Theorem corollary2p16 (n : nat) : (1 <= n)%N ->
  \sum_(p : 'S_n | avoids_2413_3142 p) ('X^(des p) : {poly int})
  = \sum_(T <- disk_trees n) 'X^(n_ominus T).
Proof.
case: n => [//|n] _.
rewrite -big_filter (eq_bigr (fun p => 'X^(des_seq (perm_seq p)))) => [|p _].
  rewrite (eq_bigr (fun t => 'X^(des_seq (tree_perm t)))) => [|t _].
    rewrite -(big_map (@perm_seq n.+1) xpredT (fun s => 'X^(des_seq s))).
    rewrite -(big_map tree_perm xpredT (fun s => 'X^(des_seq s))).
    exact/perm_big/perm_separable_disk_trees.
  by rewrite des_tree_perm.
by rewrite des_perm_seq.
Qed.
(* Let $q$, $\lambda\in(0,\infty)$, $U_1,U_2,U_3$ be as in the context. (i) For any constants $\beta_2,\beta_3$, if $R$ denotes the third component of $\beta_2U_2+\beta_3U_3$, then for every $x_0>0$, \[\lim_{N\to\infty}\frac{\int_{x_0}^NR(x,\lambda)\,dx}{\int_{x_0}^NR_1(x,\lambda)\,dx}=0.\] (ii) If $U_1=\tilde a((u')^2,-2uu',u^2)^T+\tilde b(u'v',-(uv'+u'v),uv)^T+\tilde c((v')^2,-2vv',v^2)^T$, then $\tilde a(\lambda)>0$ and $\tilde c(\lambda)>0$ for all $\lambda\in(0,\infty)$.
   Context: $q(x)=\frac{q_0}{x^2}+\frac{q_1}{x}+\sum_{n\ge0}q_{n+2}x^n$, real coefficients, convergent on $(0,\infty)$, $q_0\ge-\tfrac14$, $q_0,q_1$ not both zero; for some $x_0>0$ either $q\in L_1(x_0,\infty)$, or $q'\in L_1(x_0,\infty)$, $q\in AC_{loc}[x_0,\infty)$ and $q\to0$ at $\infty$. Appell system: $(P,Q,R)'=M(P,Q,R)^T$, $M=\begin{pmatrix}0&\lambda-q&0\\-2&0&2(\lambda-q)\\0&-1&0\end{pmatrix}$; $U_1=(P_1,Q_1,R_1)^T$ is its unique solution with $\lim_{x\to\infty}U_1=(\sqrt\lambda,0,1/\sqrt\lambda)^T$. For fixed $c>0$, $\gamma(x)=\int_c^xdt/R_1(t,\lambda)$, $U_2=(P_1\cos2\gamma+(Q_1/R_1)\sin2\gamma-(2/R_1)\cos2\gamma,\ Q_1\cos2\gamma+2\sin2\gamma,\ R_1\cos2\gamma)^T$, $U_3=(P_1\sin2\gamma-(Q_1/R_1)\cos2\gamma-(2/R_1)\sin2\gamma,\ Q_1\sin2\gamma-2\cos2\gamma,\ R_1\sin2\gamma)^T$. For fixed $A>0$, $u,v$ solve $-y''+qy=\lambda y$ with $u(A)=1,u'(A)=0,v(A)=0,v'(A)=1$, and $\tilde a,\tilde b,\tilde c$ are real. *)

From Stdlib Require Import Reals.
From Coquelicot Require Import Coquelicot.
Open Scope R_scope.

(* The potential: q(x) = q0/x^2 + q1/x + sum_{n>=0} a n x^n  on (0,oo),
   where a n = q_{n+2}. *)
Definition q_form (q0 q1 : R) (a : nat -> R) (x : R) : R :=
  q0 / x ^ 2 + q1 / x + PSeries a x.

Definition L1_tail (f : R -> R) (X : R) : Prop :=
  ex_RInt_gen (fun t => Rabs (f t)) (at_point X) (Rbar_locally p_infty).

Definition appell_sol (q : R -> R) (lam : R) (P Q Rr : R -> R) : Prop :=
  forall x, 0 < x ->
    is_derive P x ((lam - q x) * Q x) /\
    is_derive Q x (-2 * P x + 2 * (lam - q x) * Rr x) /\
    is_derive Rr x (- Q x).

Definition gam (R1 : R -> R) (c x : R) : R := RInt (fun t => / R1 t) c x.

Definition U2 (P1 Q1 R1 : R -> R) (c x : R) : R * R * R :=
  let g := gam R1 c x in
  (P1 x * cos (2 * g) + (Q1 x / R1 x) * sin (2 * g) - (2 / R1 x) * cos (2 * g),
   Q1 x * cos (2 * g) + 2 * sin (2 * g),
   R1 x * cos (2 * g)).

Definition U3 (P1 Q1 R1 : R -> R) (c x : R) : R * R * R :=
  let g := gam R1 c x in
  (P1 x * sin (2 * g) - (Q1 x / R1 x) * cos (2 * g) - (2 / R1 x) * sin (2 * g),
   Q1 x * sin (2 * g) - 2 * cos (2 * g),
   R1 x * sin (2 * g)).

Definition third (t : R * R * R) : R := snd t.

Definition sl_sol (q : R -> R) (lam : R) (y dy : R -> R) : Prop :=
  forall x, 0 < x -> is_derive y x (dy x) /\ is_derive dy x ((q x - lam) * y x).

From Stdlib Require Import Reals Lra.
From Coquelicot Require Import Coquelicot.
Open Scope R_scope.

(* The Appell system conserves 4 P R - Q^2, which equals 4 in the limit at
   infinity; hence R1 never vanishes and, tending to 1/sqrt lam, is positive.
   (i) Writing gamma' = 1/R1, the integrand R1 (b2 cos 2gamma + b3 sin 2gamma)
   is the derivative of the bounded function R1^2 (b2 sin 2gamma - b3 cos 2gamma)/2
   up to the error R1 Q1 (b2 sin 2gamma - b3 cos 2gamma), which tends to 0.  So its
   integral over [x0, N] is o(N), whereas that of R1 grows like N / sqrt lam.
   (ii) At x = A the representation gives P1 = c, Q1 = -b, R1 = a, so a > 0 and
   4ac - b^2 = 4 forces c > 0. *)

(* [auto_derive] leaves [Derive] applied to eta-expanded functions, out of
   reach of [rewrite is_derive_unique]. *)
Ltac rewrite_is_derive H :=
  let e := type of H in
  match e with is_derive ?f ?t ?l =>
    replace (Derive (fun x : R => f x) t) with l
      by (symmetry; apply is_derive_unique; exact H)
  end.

* * *

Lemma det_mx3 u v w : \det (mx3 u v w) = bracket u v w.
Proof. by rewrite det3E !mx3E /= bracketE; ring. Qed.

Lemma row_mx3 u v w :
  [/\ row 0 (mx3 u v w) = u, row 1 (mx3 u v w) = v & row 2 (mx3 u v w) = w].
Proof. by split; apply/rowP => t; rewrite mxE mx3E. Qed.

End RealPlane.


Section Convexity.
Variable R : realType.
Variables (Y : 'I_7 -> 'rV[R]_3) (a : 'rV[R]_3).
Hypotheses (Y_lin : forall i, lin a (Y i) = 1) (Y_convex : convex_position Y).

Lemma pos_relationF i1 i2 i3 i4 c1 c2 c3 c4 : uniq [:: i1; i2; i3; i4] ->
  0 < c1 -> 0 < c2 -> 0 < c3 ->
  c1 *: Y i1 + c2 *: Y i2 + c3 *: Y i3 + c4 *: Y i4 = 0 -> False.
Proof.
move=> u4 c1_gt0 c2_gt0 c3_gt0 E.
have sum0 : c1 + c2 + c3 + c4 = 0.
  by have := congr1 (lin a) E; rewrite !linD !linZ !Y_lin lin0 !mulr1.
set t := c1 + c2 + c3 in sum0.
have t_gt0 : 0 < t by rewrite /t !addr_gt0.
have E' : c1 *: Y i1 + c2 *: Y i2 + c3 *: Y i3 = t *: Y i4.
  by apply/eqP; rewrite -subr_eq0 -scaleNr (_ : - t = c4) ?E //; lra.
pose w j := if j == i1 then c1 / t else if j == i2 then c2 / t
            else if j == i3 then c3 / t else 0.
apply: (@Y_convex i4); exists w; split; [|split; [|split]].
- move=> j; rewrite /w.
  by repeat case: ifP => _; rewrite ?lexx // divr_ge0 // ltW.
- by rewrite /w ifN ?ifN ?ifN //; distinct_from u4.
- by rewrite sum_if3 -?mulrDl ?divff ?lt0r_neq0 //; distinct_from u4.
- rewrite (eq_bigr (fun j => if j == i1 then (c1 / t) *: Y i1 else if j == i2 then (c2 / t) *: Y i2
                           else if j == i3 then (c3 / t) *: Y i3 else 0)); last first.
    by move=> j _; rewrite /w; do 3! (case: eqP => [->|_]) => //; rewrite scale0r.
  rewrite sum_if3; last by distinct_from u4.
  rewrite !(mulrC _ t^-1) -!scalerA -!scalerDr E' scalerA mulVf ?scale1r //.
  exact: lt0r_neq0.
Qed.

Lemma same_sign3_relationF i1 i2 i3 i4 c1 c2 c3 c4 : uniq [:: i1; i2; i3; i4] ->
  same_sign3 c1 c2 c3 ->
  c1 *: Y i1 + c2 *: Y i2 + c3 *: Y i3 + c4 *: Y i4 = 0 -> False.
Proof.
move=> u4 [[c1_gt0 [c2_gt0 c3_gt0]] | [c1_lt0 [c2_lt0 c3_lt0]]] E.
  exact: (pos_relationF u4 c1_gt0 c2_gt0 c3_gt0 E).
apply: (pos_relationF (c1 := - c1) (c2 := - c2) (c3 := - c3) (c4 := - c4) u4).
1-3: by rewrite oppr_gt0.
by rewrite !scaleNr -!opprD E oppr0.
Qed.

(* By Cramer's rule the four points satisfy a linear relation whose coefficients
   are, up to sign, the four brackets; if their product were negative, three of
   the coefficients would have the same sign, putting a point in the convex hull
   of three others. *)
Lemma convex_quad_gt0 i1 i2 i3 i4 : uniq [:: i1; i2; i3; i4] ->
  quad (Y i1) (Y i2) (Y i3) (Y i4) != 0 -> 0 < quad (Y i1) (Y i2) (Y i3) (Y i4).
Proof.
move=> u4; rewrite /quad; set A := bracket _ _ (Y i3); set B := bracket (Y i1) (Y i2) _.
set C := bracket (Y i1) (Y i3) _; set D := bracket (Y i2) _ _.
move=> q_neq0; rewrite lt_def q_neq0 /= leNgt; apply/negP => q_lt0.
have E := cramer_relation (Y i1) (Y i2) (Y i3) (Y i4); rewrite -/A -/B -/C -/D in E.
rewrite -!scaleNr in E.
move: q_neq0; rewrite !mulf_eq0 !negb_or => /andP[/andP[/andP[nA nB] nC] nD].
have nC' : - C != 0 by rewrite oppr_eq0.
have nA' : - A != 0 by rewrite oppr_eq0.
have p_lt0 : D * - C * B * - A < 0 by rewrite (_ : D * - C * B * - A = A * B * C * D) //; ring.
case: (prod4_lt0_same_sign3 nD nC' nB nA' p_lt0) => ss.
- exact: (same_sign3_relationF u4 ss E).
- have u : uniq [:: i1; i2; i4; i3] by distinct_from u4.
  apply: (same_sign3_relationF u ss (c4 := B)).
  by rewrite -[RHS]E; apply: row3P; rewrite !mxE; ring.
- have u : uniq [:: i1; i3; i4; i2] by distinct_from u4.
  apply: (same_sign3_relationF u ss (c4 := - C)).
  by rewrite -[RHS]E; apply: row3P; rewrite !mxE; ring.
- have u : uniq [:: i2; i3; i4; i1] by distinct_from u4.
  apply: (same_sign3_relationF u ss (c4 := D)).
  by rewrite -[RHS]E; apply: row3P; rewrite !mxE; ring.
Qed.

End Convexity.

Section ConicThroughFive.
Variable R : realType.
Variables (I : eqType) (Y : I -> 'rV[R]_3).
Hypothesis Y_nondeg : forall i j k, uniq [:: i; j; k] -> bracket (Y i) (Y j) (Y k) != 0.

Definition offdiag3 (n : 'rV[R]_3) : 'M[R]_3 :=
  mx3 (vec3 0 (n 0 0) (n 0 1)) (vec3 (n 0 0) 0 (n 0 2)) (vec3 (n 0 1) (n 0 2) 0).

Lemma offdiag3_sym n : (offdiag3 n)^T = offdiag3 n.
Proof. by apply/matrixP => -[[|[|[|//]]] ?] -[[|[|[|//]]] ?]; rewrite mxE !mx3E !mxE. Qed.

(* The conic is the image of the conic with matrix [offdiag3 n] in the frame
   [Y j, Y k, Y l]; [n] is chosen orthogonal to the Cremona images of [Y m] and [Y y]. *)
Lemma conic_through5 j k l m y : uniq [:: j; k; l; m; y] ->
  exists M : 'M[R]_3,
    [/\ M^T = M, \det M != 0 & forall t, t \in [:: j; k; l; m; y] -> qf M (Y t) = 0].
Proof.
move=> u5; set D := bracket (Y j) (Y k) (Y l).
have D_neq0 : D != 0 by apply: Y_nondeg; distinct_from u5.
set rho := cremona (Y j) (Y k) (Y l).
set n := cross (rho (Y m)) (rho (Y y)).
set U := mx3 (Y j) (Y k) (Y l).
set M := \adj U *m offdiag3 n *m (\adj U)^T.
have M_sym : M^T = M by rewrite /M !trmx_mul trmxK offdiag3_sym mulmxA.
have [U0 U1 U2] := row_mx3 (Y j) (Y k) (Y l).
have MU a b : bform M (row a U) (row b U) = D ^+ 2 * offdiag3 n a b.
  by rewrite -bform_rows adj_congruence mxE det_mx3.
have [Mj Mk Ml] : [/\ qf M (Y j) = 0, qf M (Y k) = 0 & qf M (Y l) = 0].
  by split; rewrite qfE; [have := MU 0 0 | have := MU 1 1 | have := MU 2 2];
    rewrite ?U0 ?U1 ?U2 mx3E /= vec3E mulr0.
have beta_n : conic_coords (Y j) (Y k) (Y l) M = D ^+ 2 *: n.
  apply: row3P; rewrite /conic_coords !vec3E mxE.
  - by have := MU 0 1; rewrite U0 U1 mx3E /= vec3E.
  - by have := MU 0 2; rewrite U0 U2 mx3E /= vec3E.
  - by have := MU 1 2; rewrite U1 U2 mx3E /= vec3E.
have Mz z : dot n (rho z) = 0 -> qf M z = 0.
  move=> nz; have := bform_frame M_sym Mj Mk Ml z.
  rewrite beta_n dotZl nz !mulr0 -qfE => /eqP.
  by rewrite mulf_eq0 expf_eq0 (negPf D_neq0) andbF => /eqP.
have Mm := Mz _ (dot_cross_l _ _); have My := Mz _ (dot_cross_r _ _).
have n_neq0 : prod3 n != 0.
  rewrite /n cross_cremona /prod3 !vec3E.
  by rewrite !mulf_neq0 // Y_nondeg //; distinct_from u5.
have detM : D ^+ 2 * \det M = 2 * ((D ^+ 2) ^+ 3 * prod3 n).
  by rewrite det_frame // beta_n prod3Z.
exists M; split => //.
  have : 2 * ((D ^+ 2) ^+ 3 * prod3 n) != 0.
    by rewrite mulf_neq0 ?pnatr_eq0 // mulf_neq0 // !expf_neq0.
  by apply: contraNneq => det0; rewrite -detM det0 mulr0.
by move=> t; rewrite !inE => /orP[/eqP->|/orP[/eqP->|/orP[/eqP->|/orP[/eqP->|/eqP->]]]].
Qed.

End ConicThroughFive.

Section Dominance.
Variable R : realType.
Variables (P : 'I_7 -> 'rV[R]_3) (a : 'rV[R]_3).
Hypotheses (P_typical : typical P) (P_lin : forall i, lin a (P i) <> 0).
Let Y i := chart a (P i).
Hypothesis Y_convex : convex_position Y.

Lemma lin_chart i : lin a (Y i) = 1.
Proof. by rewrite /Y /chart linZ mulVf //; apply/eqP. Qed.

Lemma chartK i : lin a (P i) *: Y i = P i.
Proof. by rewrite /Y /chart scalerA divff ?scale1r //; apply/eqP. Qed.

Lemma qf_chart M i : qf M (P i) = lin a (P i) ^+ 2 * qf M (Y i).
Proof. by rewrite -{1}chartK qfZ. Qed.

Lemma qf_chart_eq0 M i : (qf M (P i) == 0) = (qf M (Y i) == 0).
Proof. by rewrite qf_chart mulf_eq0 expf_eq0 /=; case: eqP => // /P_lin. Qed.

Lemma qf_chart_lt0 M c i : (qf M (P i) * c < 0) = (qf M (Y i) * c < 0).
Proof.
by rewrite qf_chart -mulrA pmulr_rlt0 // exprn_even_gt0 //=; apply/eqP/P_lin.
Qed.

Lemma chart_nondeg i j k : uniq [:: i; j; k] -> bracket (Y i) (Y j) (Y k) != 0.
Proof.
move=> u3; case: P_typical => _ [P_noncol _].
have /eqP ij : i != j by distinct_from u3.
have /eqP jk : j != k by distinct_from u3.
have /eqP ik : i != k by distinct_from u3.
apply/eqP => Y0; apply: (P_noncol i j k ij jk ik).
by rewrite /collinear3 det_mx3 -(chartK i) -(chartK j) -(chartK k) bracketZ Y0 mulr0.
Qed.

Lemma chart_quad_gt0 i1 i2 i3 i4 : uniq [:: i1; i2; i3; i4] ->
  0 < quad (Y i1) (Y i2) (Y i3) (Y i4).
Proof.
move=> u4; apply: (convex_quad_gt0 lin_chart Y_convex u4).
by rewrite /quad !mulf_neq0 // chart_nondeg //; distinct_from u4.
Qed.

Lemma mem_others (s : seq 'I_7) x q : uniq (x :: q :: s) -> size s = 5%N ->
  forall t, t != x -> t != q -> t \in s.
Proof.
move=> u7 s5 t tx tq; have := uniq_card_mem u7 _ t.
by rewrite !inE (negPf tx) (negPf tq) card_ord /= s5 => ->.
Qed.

*Task statement*
For the word "Require", return every line of the records that holds it.

*Finished task*
From Stdlib Require Import Reals.
From Coquelicot Require Import Coquelicot.
From Stdlib Require Import Reals Lra.
From Coquelicot Require Import Coquelicot.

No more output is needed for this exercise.